WASHINGTON, D.C.—The U.S. Green Building Council (USGBC) has signed a Memorandum of Understanding with the Clinton Climate Initiative (CCI) to engage the largest cities in the world through the Large Cities Climate Leadership Group and provide them with the tools to become leaders in energy efficiency and green building strategies, which will result in the reduction of carbon emissions.

CCI is focusing on three key deliverables: improving green purchasing power; mobilizing and deploying technical expertise; and implementing common measurement tools in the areas of buildings, power and water; and transportation. CCI, a program of the Clinton Foundation, launched last week in Los Angeles.

As a partner in the CCI’s effort, USGBC will provide technical assistance and expertise in green building practices, engaging the World Green Building Council (WGBC), and mobilizing leading green building experts from around the globe with the goal of increasing the inventory of green buildings around the world. Other partners in the Clinton Climate Initiative include the American Society of Heating, Refrigerating and Air-Conditioning Engineers (ASHRAE), the Alliance to Save Energy, and the International Council for Local Environmental Initiatives.
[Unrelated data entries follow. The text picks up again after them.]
(* Let $m,p,n$ be positive integers with $p\mid m$, and let $g\in G(m,p,n)$ be $p$-connected and not a diagonal reflection. Then there exists a reflection $s\in G(m,p,n)$ with $s\le_\perp g$ if and only if $\operatorname{codim}(g)=2$ and the non-1 eigenvalues of $g$ are $\zeta_m^{c}$ and $\zeta_m^{-c}$ for some integer $c$.
   Context: $\zeta_m=e^{2\pi i/m}$. $G(m,1,n)$ is the group of $n\times n$ monomial matrices whose nonzero entries are $m$-th roots of unity, acting on $V=\mathbb{C}^n$; for $p\mid m$, $G(m,p,n)$ is the subgroup of elements whose nonzero entries multiply to an $(m/p)$-th root of unity. A reflection is an element of finite order fixing a hyperplane pointwise; a diagonal reflection is a diagonal matrix that is a reflection. $\operatorname{codim}(g)=n-\dim\{v\in V:gv=v\}$, and the codimension order is $a\le_\perp c$ iff $\operatorname{codim}(a)+\operatorname{codim}(a^{-1}c)=\operatorname{codim}(c)$. A diagonal matrix $g\ne 1$ whose non-1 eigenvalues (with multiplicity) are $\zeta_m^{c_1},\dots,\zeta_m^{c_k}$ is $p$-connected if $p\mid c_1+\dots+c_k$ but $p\nmid\sum_{i\in I}c_i$ for every nonempty proper subset $I\subsetneq\{1,\dots,k\}$. *)

From mathcomp Require Import all_boot all_algebra.
From mathcomp Require Import reals trigo complex.
Import GRing.Theory Num.Theory.
Set Implicit Arguments. Unset Strict Implicit. Unset Printing Implicit Defensive.
Local Open Scope ring_scope.
Local Open Scope complex_scope.
(* Let $n\ge 6$ and let $CTG_n$ be the set of chemical tricyclic graphs on $n$ vertices. Define the following subsets of $CTG_n$ (in each, all $m_{i,j}$ not listed are $0$): for $j=0,1,\dots,5$, $\gamma_{9+j}$ is the set of $G\in CTG_n$ with $n_4=0,n_3=4,n_2=n-4,n_1=0$, $m_{2,3}=2+2j$, $m_{3,3}=5-j$, $m_{2,2}=n-5-j$; and $\gamma_{65}$ is the set of $G\in CTG_n$ with $n_4=0,n_3=5,n_2=n-6,n_1=1$, $m_{1,2}=1$, $m_{2,3}=1$, $m_{3,3}=7$, $m_{2,2}=n-7$. Let $G_1\in\gamma_9$, $G_2\in\gamma_{10}$, $G_3\in\gamma_{11}$, $G_4\in\gamma_{12}$, $G_5\in\gamma_{13}$, $G_6\in\gamma_{14}$, $G_7\in\gamma_{65}$, and let $G\in CTG_n$ not belong to $\gamma_9\cup\cdots\cup\gamma_{14}\cup\gamma_{65}$. Then $SO_{red}(G_1)<SO_{red}(G_2)<\cdots<SO_{red}(G_7)<SO_{red}(G)$.
   Context: All graphs are simple and connected. A chemical graph is a graph with maximum degree at most $4$; a tricyclic graph is a connected graph with $n$ vertices and $n+2$ edges. $d_G(u)$ is the degree of $u$, $n_i$ the number of vertices of degree $i$, and $m_{i,j}$ the number of edges joining a vertex of degree $i$ to a vertex of degree $j$. The reduced Sombor index is $SO_{red}(G)=\sum_{uv\in E(G)}\sqrt{(d_G(u)-1)^2+(d_G(v)-1)^2}$. *)

(* Simple graphs on vertex set 'I_n given by a symmetric,
   irreflexive relation; reals are any real closed field R. *)
From HB Require Import structures.
From mathcomp Require Import all_boot all_order all_algebra.
Set Implicit Arguments. Unset Strict Implicit. Unset Printing Implicit Defensive.
Import Order.TTheory GRing.Theory Num.Theory.

Local Open Scope ring_scope.
Section Graphs.
Variable n : nat.
Implicit Types (e : rel 'I_n).

Definition simple_graph e := symmetric e /\ irreflexive e.

Definition gconnected e := forall u v : 'I_n, connect e u v.

Definition deg e (u : 'I_n) : nat := #|[set v | e u v]|.

Definition edgeset e : {set 'I_n * 'I_n} :=
  [set p | e p.1 p.2 && (p.1 < p.2)%N].

Definition nedges e : nat := #|edgeset e|.

Definition nverts_deg e (i : nat) : nat := #|[set u | deg e u == i]|.

Definition medges e (i j : nat) : nat :=
  #|[set p in edgeset e |
      ((deg e p.1 == i) && (deg e p.2 == j)) ||
      ((deg e p.1 == j) && (deg e p.2 == i))]|.
(* Let $d>1$, let $E,F$ be complex elliptic curves, let $P\in E[d]$ and $Q\in F[d]$ be points of order exactly $d$, let $A=(E\times F)/\langle (P,Q)\rangle$ with quotient map $\mu$, and let $H$ be the polarisation on $A$ with $\mu^*H=\mathcal O_E(d\cdot 0)\boxtimes\mathcal O_F(d\cdot 0)$ (a polarisation of type $(1,d)$), with polarisation isogeny $\phi_H:A\to\hat A$. Identify $E$ with $\mu(E\times\{0\})$, $F$ with $\mu(\{0\}\times F)$, $P$ with $\mu(P,0)$ and $Q$ with $\mu(0,Q)$. Then $Q=-P$ in $A$, $E\cap F=\langle P\rangle\subseteq\ker\phi_H$, and $E\cap\ker\phi_H=F\cap\ker\phi_H=\langle P\rangle$. *)

From HB Require Import structures.
From mathcomp Require Import all_boot all_order all_algebra.
From mathcomp Require Import complex.
From mathcomp Require Import reals.
Set Implicit Arguments. Unset Strict Implicit. Unset Printing Implicit Defensive.
Import Order.TTheory GRing.Theory Num.Theory.
Local Open Scope ring_scope.
Local Open Scope complex_scope.

Section Defs.
Variable R : realType.
Local Notation C := R[i].

(* The lattice Z w1 + Z w2 in C; E = C / lat w1 w2 is a complex elliptic
   curve when 0 < Im (w1^* * w2) (w1, w2 an oriented R-basis of C). *)
Definition lat (w1 w2 : C) (z : C) : Prop :=
  exists a b : int, z = a%:~R * w1 + b%:~R * w2.

Definition order_exactly (L : C -> Prop) (d : nat) (p : C) : Prop :=
  L (d%:R * p) /\ forall k : nat, (0 < k < d)%N -> ~ L (k%:R * p).

(* Hermitian form (Appell-Humbert) of O_E(0) on E = C / lat w1 w2 :
   H(z,w) = z conj(w) / Im(conj(w1) w2); its imaginary part is the
   unimodular alternating form on the lattice. *)
Definition ppol (w1 w2 : C) (z w : C) : C :=
  z * w^* / ((complex.Im (w1^* * w2) : R)%:C).

(* The lattice of A = (E x F)/<(P,Q)> inside C^2 = universal cover of A:
   Lambda_A = (L_E x L_F) + Z (p,q). *)
Definition quot_lattice (e1 e2 f1 f2 p q : C) (v : C * C) : Prop :=
  exists k : int, lat e1 e2 (v.1 - k%:~R * p) /\ lat f1 f2 (v.2 - k%:~R * q).

Definition congA (Lam : C * C -> Prop) (v w : C * C) : Prop :=
  Lam (v.1 - w.1, v.2 - w.2).

(* Hermitian form of H on C^2 (the same as that of mu^* H), where
   mu^* H = O_E(d.0) boxtimes O_F(d.0) *)
Definition pol_form (d : nat) (e1 e2 f1 f2 : C) (v w : C * C) : C :=
  d%:R * ppol e1 e2 v.1 w.1 + d%:R * ppol f1 f2 v.2 w.2.

(* v mod Lam lies in ker phi_H, where phi_H : A -> hat A, v |-> H(v, .)
   and hat A = (antilinear forms) / {l | Im l(Lam) subset Z}. *)
Definition inKer (Lam : C * C -> Prop) (H : C * C -> C * C -> C) (v : C * C) : Prop :=
  forall l, Lam l -> exists k : int, complex.Im (H v l) = k%:~R.

Definition onE (Lam : C * C -> Prop) (v : C * C) : Prop :=
  exists z : C, congA Lam v (z, 0).
Definition onF (Lam : C * C -> Prop) (v : C * C) : Prop :=
  exists z : C, congA Lam v (0, z).
Definition inSub (Lam : C * C -> Prop) (p : C) (v : C * C) : Prop :=
  exists k : int, congA Lam v (k%:~R * p, 0).

End Defs.

(* On E = C / L_E the imaginary part of the Hermitian form of O_E(0) is the
   unimodular alternating form w_E (w_E(e1, e2) = -1), and Im H = d w_E + d w_F
   on C^2.  The lattice of A is L_E x L_F + Z (p, q), so a point (x, y) with
   y in <q> lies in ker phi_H iff x is d-torsion and d w_E(x, p) is an integer,
   since d w_F is integral on <q> x <q>.  Writing d x = (x1, x2) and
   d p = (a, b) in the basis of L_E, the last condition reads d | a x2 - b x1;
   as p has exact order d, (a, b) is primitive modulo d, and Bezout then gives
   x = n p modulo L_E.  Hence E meets ker phi_H in <P>, symmetrically for F, and
   the other claims are bookkeeping in the lattice of A. *)

From HB Require Import structures.
From mathcomp Require Import all_boot all_order all_algebra.
From mathcomp Require Import complex reals ring.
Set Implicit Arguments.
Unset Strict Implicit.
Unset Printing Implicit Defensive.
Import Order.TTheory GRing.Theory Num.Theory.
Local Open Scope ring_scope.
Local Open Scope complex_scope.

Lemma dvdz_det_colinear (d a b x y : int) :
  coprimez (gcdz a b) d -> (d %| a * y - b * x)%Z ->
  exists n : int, (d %| x - n * a)%Z /\ (d %| y - n * b)%Z.
Proof.
have [u [v <-]] := Bezoutz a b.
move=> /coprimezP[[g w] /= Hbez] /dvdzP[c Hc].
have bezout t : t = t * (g * (u * a + v * b) + w * d) by rewrite Hbez mulr1.
exists (g * u * x + g * v * y); split; apply/dvdzP.
- exists (w * x - g * v * c).
  transitivity (w * x * d - g * v * (c * d)); last by ring.
  by rewrite -Hc {1}(bezout x); ring.
- exists (w * y + g * u * c).
  transitivity (w * y * d + g * u * (c * d)); last by ring.
  by rewrite -Hc {1}(bezout y); ring.
Qed.

Lemma complex_intr (R : realType) (k : int) : (k%:~R : R[i]) = (k%:~R : R)%:C.
Proof. by rewrite rmorph_int. Qed.

Definition in_cyclic (R : realType) (L : R[i] -> Prop) (p x : R[i]) : Prop :=
  exists m : int, L (x - m%:~R * p).

Section RiemannForm.
Variables (R : realType) (e1 e2 : R[i]).
Local Notation L := (lat e1 e2).

Definition riemann_form (z w : R[i]) : R := complex.Im (ppol e1 e2 z w).
Local Notation om := riemann_form.

Lemma riemann_formE z w : om z w =
  (complex.Im z * complex.Re w - complex.Re z * complex.Im w)
  / complex.Im (e1^* * e2).
Proof.
rewrite /riemann_form /ppol -fmorphV.
case: z => a b; case: w => c d; case: e1 => x y; case: e2 => u v.
by simpc; rewrite /=; ring.
Qed.

Lemma riemann_formDl z1 z2 w : om (z1 + z2) w = om z1 w + om z2 w.
Proof. by rewrite !riemann_formE; case: z1 z2 w => [? ?] [? ?] [? ?] /=; ring. Qed.

Lemma riemann_formDr z w1 w2 : om z (w1 + w2) = om z w1 + om z w2.
Proof. by rewrite !riemann_formE; case: z w1 w2 => [? ?] [? ?] [? ?] /=; ring. Qed.

Lemma riemann_formZl r z w : om (r%:C * z) w = r * om z w.
Proof. by rewrite !riemann_formE; case: z w => [? ?] [? ?] /=; ring. Qed.

Lemma riemann_formZr r z w : om z (r%:C * w) = r * om z w.
Proof. by rewrite !riemann_formE; case: z w => [? ?] [? ?] /=; ring. Qed.

Lemma riemann_formC z w : om w z = - om z w.
Proof. by rewrite !riemann_formE; case: z w => [? ?] [? ?] /=; ring. Qed.

Lemma riemann_formxx z : om z z = 0.
Proof. by rewrite !riemann_formE; case: z => [? ?] /=; ring. Qed.

Lemma riemann_form0r z : om z 0 = 0.
Proof. by rewrite riemann_formE /= !mulr0 subrr mul0r. Qed.

Lemma riemann_formMzl (k : int) z w : om (k%:~R * z) w = k%:~R * om z w.
Proof. by rewrite complex_intr riemann_formZl. Qed.

Lemma riemann_formMzr (k : int) z w : om z (k%:~R * w) = k%:~R * om z w.
Proof. by rewrite complex_intr riemann_formZr. Qed.

Lemma riemann_formMnl (n : nat) z w : om (n%:R * z) w = n%:R * om z w.
Proof. exact: (riemann_formMzl n). Qed.

Lemma riemann_formMnr (n : nat) z w : om z (n%:R * w) = n%:R * om z w.
Proof. exact: (riemann_formMzr n). Qed.

Hypothesis e_nondeg : complex.Im (e1^* * e2) != 0.

Lemma riemann_form_det (x y a b : R) :
  om (x%:C * e1 + y%:C * e2) (a%:C * e1 + b%:C * e2) = a * y - b * x.
Proof.
rewrite riemann_formDl !riemann_formDr !riemann_formZl !riemann_formZr.
rewrite !riemann_formxx (riemann_formC e2) !riemann_formE.
move: e_nondeg; case: e1 e2 => [? ?] [? ?]; simpc => /= nz.
by field.
Qed.

Lemma lat0 : L 0.
Proof. by exists 0, 0; ring. Qed.

Lemma lat_e1 : L e1.
Proof. by exists 1, 0; ring. Qed.

Lemma lat_e2 : L e2.
Proof. by exists 0, 1; ring. Qed.

Lemma riemann_form_lat_int z w : L z -> L w -> om z w \is a Num.int.
Proof.
move=> [x [y ->]] [a [b ->]]; rewrite !complex_intr riemann_form_det.
by rewrite rpredB ?rpredM ?rpred_int.
Qed.

Lemma lat_of_riemann_form_int z : (forall w, L w -> om z w \is a Num.int) -> L z.
Proof.
move=> zL; have /intrP[x hx] := zL _ lat_e2; have /intrP[y hy] := zL _ lat_e1.
have -> : z = (- om z e2)%:C * e1 + (om z e1)%:C * e2.
  rewrite !riemann_formE; move: e_nondeg; clear zL hx hy.
  by case: z e1 e2 => [? ?] [? ?] [? ?]; simpc => /= nz; congr (_ +i* _); field.
by exists (- x), y; rewrite hx hy -rmorphN -!complex_intr.
Qed.

End RiemannForm.

Section Torsion.
Variables (R : realType) (e1 e2 : R[i]) (d : nat) (p : R[i]).
Hypothesis e_nondeg : complex.Im (e1^* * e2) != 0.
Local Notation L := (lat e1 e2).
Local Notation om := (riemann_form e1 e2).

Lemma in_cyclic_self : in_cyclic L p p.
Proof. by exists 1; rewrite mul1r subrr; apply: lat0. Qed.

Lemma in_cyclic_isotropic x y : L (d%:R * p) ->
  in_cyclic L p x -> in_cyclic L p y -> d%:R * om x y \is a Num.int.
Proof.
move=> Ldp [m Lx] [j Ly].
rewrite -(subrK (m%:~R * p) x) -(subrK (j%:~R * p) y).
move: (x - _) (y - _) Lx Ly => u v Lu Lv.
have uv : om u v \is a Num.int by apply: riemann_form_lat_int.
have up : d%:R * om u p \is a Num.int.
  by rewrite -riemann_formMnr; apply: riemann_form_lat_int.
have pv : d%:R * om p v \is a Num.int.
  by rewrite -riemann_formMnl; apply: riemann_form_lat_int.
rewrite riemann_formDl !riemann_formDr !riemann_formMzl !riemann_formMzr.
rewrite riemann_formxx !mulr0 addr0 mulrDr mulrDr !(mulrCA d%:R).
by rewrite !rpredD // rpredM ?rpred_nat ?rpred_int.
Qed.

Lemma order_exactly_coprime_coords : (0 < d)%N -> order_exactly L d p ->
  exists a b : int,
    d%:R * p = a%:~R * e1 + b%:~R * e2 /\ coprimez (gcdz a b) d.
Proof.
move=> d_gt0 [[a [b dp]] d_min]; exists a, b; split=> //.
rewrite /coprimez /gcdz absz_nat /=; set g := gcdn _ d.
have g_gt0 : (0 < g)%N by rewrite gcdn_gt0 d_gt0 orbT.
have g_d : (g %| d)%N := dvdn_gcdr _ _.
have g_a : (g%:Z %| a)%Z.
  by rewrite dvdzE (dvdn_trans (dvdn_gcdl _ _) (dvdn_gcdl _ _)).
have g_b : (g%:Z %| b)%Z.
  by rewrite dvdzE (dvdn_trans (dvdn_gcdl _ _) (dvdn_gcdr _ _)).
case: (ltngtP g 1) => [|g_gt1|-> //]; first by rewrite ltnNge g_gt0.
exfalso.
apply: (d_min (d %/ g)%N).
  by rewrite divn_gt0 // dvdn_leq //= ltn_Pdiv.
exists (a %/ g%:Z)%Z, (b %/ g%:Z)%Z.
apply: (@mulfI _ (g%:R : R[i])); first by rewrite pnatr_eq0 -lt0n.
rewrite mulrA -natrM mulnC divnK // dp -{1}(divzK g_a) -{1}(divzK g_b).
by rewrite !rmorphM /=; ring.
Qed.

Lemma in_cyclic_of_int_pairing w : (0 < d)%N -> order_exactly L d p ->
  (forall z, L z -> d%:R * om w z \is a Num.int) ->
  d%:R * om w p \is a Num.int -> in_cyclic L p w.
Proof.
move=> d_gt0 ordp wL /intrP[t wp].
have [x [y dw]] : L (d%:R * w).
  by apply: lat_of_riemann_form_int => // z Lz; rewrite riemann_formMnl wL.
have [a [b [dp cop]]] := order_exactly_coprime_coords d_gt0 ordp.
have det : (d%:Z %| a * y - b * x)%Z.
  apply/dvdzP; exists t; apply: (@intr_inj R).
  rewrite rmorphB !rmorphM /= -(riemann_form_det e_nondeg).
  by rewrite -!complex_intr -dw -dp riemann_formMnl riemann_formMnr wp; ring.
have [n [/dvdzP[c1 xn] /dvdzP[c2 yn]]] := dvdz_det_colinear cop det.
exists n, c1, c2.
apply: (@mulfI _ (d%:R : R[i])); first by rewrite pnatr_eq0 -lt0n.
transitivity (d%:R * w - n%:~R * (d%:R * p)); first by ring.
rewrite dw dp.
transitivity ((x - n * a)%:~R * e1 + (y - n * b)%:~R * e2).
  by rewrite !rmorphB !rmorphM /=; ring.
by rewrite xn yn !rmorphM /=; ring.
Qed.

End Torsion.

Section QuotientLattice.
Variables (R : realType) (d : nat) (e1 e2 f1 f2 p q : R[i]).
Local Notation LE := (lat e1 e2).
Local Notation LF := (lat f1 f2).
Local Notation Lam := (quot_lattice e1 e2 f1 f2 p q).
Local Notation H := (pol_form d e1 e2 f1 f2).
Local Notation omE := (riemann_form e1 e2).
Local Notation omF := (riemann_form f1 f2).

Lemma quot_lattice_l z : LE z -> Lam (z, 0).
Proof.
by move=> Lz; exists 0; rewrite /= mulr0z !mul0r !subr0; split=> //; apply: lat0.
Qed.

Lemma quot_lattice_r z : LF z -> Lam (0, z).
Proof.
by move=> Lz; exists 0; rewrite /= mulr0z !mul0r !subr0; split=> //; apply: lat0.
Qed.

Lemma quot_lattice_pq : Lam (p, q).
Proof. by exists 1; rewrite /= mulr1z !mul1r !subrr; split; apply: lat0. Qed.

Lemma cong_q_opp_p : congA Lam (0, q) (- p, 0).
Proof. by rewrite /congA /= sub0r opprK subr0; apply: quot_lattice_pq. Qed.

Lemma inSubP v : inSub Lam p v <-> in_cyclic LE p v.1 /\ in_cyclic LF q v.2.
Proof.
case: v => v1 v2; split=> [[n [k /= [Ev Fv]]] | [[m Ev] [k Fv]]].
  split; last by exists k; rewrite -(subr0 v2).
  by exists (n + k); rewrite intrD mulrDl opprD addrA.
exists (m - k), k; split=> //=; last by rewrite subr0.
by rewrite intrB mulrBl -addrA -opprD subrK.
Qed.

Lemma onEP v : onE Lam v <-> in_cyclic LF q v.2.
Proof.
case: v => v1 v2; split=> [[z [k /= [_ Fv]]] | [k Fv]].
  by exists k; rewrite -(subr0 v2).
exists (v1 - k%:~R * p), k; split=> /=; last by rewrite subr0.
by rewrite -addrA -opprD subrK subrr; apply: lat0.
Qed.

Lemma onFP v : onF Lam v <-> in_cyclic LE p v.1.
Proof.
case: v => v1 v2; split=> [[z [k /= [Ev _]]] | [m Ev]].
  by exists k; rewrite -(subr0 v1).
exists (v2 - m%:~R * q), m; split=> /=; first by rewrite subr0.
by rewrite -addrA -opprD subrK subrr; apply: lat0.
Qed.

Lemma Im_pol_form v l :
  complex.Im (H v l) = d%:R * omE v.1 l.1 + d%:R * omF v.2 l.2.
Proof.
rewrite /pol_form /riemann_form -[d%:R](rmorph_nat (real_complex R)).
by case: (ppol e1 e2 _ _) (ppol f1 f2 _ _) => [? ?] [? ?]; simpc.
Qed.

Lemma inKerP v : inKer Lam H v <->
  forall l, Lam l -> d%:R * omE v.1 l.1 + d%:R * omF v.2 l.2 \is a Num.int.
Proof.
split=> vK l Ll; first by apply/intrP; rewrite -Im_pol_form; apply: vK.
by rewrite Im_pol_form; apply/intrP; apply: vK.
Qed.

Lemma inKer_l v z : inKer Lam H v -> LE z -> d%:R * omE v.1 z \is a Num.int.
Proof.
move=> /inKerP vK Lz; have := vK _ (quot_lattice_l Lz).
by rewrite riemann_form0r mulr0 addr0.
Qed.

Lemma inKer_r v z : inKer Lam H v -> LF z -> d%:R * omF v.2 z \is a Num.int.
Proof.
move=> /inKerP vK Lz; have := vK _ (quot_lattice_r Lz).
by rewrite riemann_form0r mulr0 add0r.
Qed.

Lemma onE_onFP v : onE Lam v /\ onF Lam v <-> inSub Lam p v.
Proof.
split=> [[/onEP Fv /onFP Ev] | /inSubP[Ev Fv]]; first exact/inSubP.
by split; [apply/onEP | apply/onFP].
Qed.

Hypotheses (e_nondeg : complex.Im (e1^* * e2) != 0)
           (f_nondeg : complex.Im (f1^* * f2) != 0).

Lemma inSub_inKer v : LE (d%:R * p) -> LF (d%:R * q) ->
  inSub Lam p v -> inKer Lam H v.
Proof.
move=> Ldp Ldq /inSubP[Ev Fv]; apply/inKerP => -[l1 l2] [j [El Fl]].
apply: rpredD; [apply: (in_cyclic_isotropic e_nondeg Ldp Ev) |
               apply: (in_cyclic_isotropic f_nondeg Ldq Fv)]; by exists j.
Qed.

Hypotheses (d_gt0 : (0 < d)%N)
           (ordp : order_exactly LE d p) (ordq : order_exactly LF d q).

Lemma onE_inKer_inSub v : onE Lam v -> inKer Lam H v -> inSub Lam p v.
Proof.
move=> /onEP Fv vK; apply/inSubP; split=> //.
apply: (in_cyclic_of_int_pairing e_nondeg d_gt0 ordp) => [z|]; first exact: inKer_l.
have Fq := in_cyclic_isotropic f_nondeg ordq.1 Fv (in_cyclic_self f1 f2 q).
by rewrite -(rpredDr _ Fq); move/inKerP: vK => /(_ _ quot_lattice_pq).
Qed.

Lemma onF_inKer_inSub v : onF Lam v -> inKer Lam H v -> inSub Lam p v.
Proof.
move=> /onFP Ev vK; apply/inSubP; split=> //.
apply: (in_cyclic_of_int_pairing f_nondeg d_gt0 ordq) => [z|]; first exact: inKer_r.
have Ep := in_cyclic_isotropic e_nondeg ordp.1 Ev (in_cyclic_self e1 e2 p).
by rewrite -(rpredDl _ Ep); move/inKerP: vK => /(_ _ quot_lattice_pq).
Qed.

End QuotientLattice.

Theorem lemma2p4 (R : realType) (d : nat) (e1 e2 f1 f2 p q : R[i]) :
  (1 < d)%N ->
  0 < complex.Im (e1^* * e2) -> 0 < complex.Im (f1^* * f2) ->
  order_exactly (lat e1 e2) d p -> order_exactly (lat f1 f2) d q ->
  let Lam := quot_lattice e1 e2 f1 f2 p q in
  let H := pol_form d e1 e2 f1 f2 in
  congA Lam (0, q) (- p, 0) /\
  (forall v, (onE Lam v /\ onF Lam v) <-> inSub Lam p v) /\
  (forall v, inSub Lam p v -> inKer Lam H v) /\
  (forall v, (onE Lam v /\ inKer Lam H v) <-> inSub Lam p v) /\
  (forall v, (onF Lam v /\ inKer Lam H v) <-> inSub Lam p v).
Proof.
move=> d_gt1 /lt0r_neq0 e_nondeg /lt0r_neq0 f_nondeg ordp ordq Lam H.
have d_gt0 := ltnW d_gt1.
have sub_ker v : inSub Lam p v -> inKer Lam H v.
  exact: (inSub_inKer e_nondeg f_nondeg ordp.1 ordq.1).
split; first exact: cong_q_opp_p.
split; first exact: onE_onFP.
split; first exact: sub_ker.
split=> v; split=> [[]|vS]; try by split; [case/onE_onFP: vS | exact: sub_ker].
- exact: (onE_inKer_inSub e_nondeg f_nondeg d_gt0 ordp ordq).
- exact: (onF_inKer_inSub e_nondeg f_nondeg d_gt0 ordp ordq).
Qed.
The initiative was launched last week at a news conference in Los Angeles, where Former President Clinton was joined by London Mayor Ken Livingstone, Los Angeles Mayor Antonio Villaraigosa, San Francisco Mayor Gavin Newsom and British Prime Minister Tony Blair. USGBC’s President, Rick Fedrizzi, was also in attendance.

“Green building is a local activity that delivers global solutions,” says Fedrizzi, who also is c.e.o. and founding chair of USGBC. “Our partnership with the Clinton Climate Initiative is an unprecedented opportunity to work collaboratively with the World Green Building Council and share what we’ve learned with other communities around the world.

“Buildings that use the council’s LEED green building rating system as their benchmark for green building deliver immediate and measurable results through energy, water, and material efficiency; stronger financial performance; and better health and productivity for the people who live and work in them,” Fedrizzi says. “Cities that embrace and encourage green building practices reap the same immediate and measurable results, including a healthier balance sheet, a healthier environment, and healthier people.”

The USGBC’s LEED green building rating system has been cited by many as the catalyst for the explosive growth in green building over the past six years, and is already in use in every state in the United States and more than 20 countries around the world.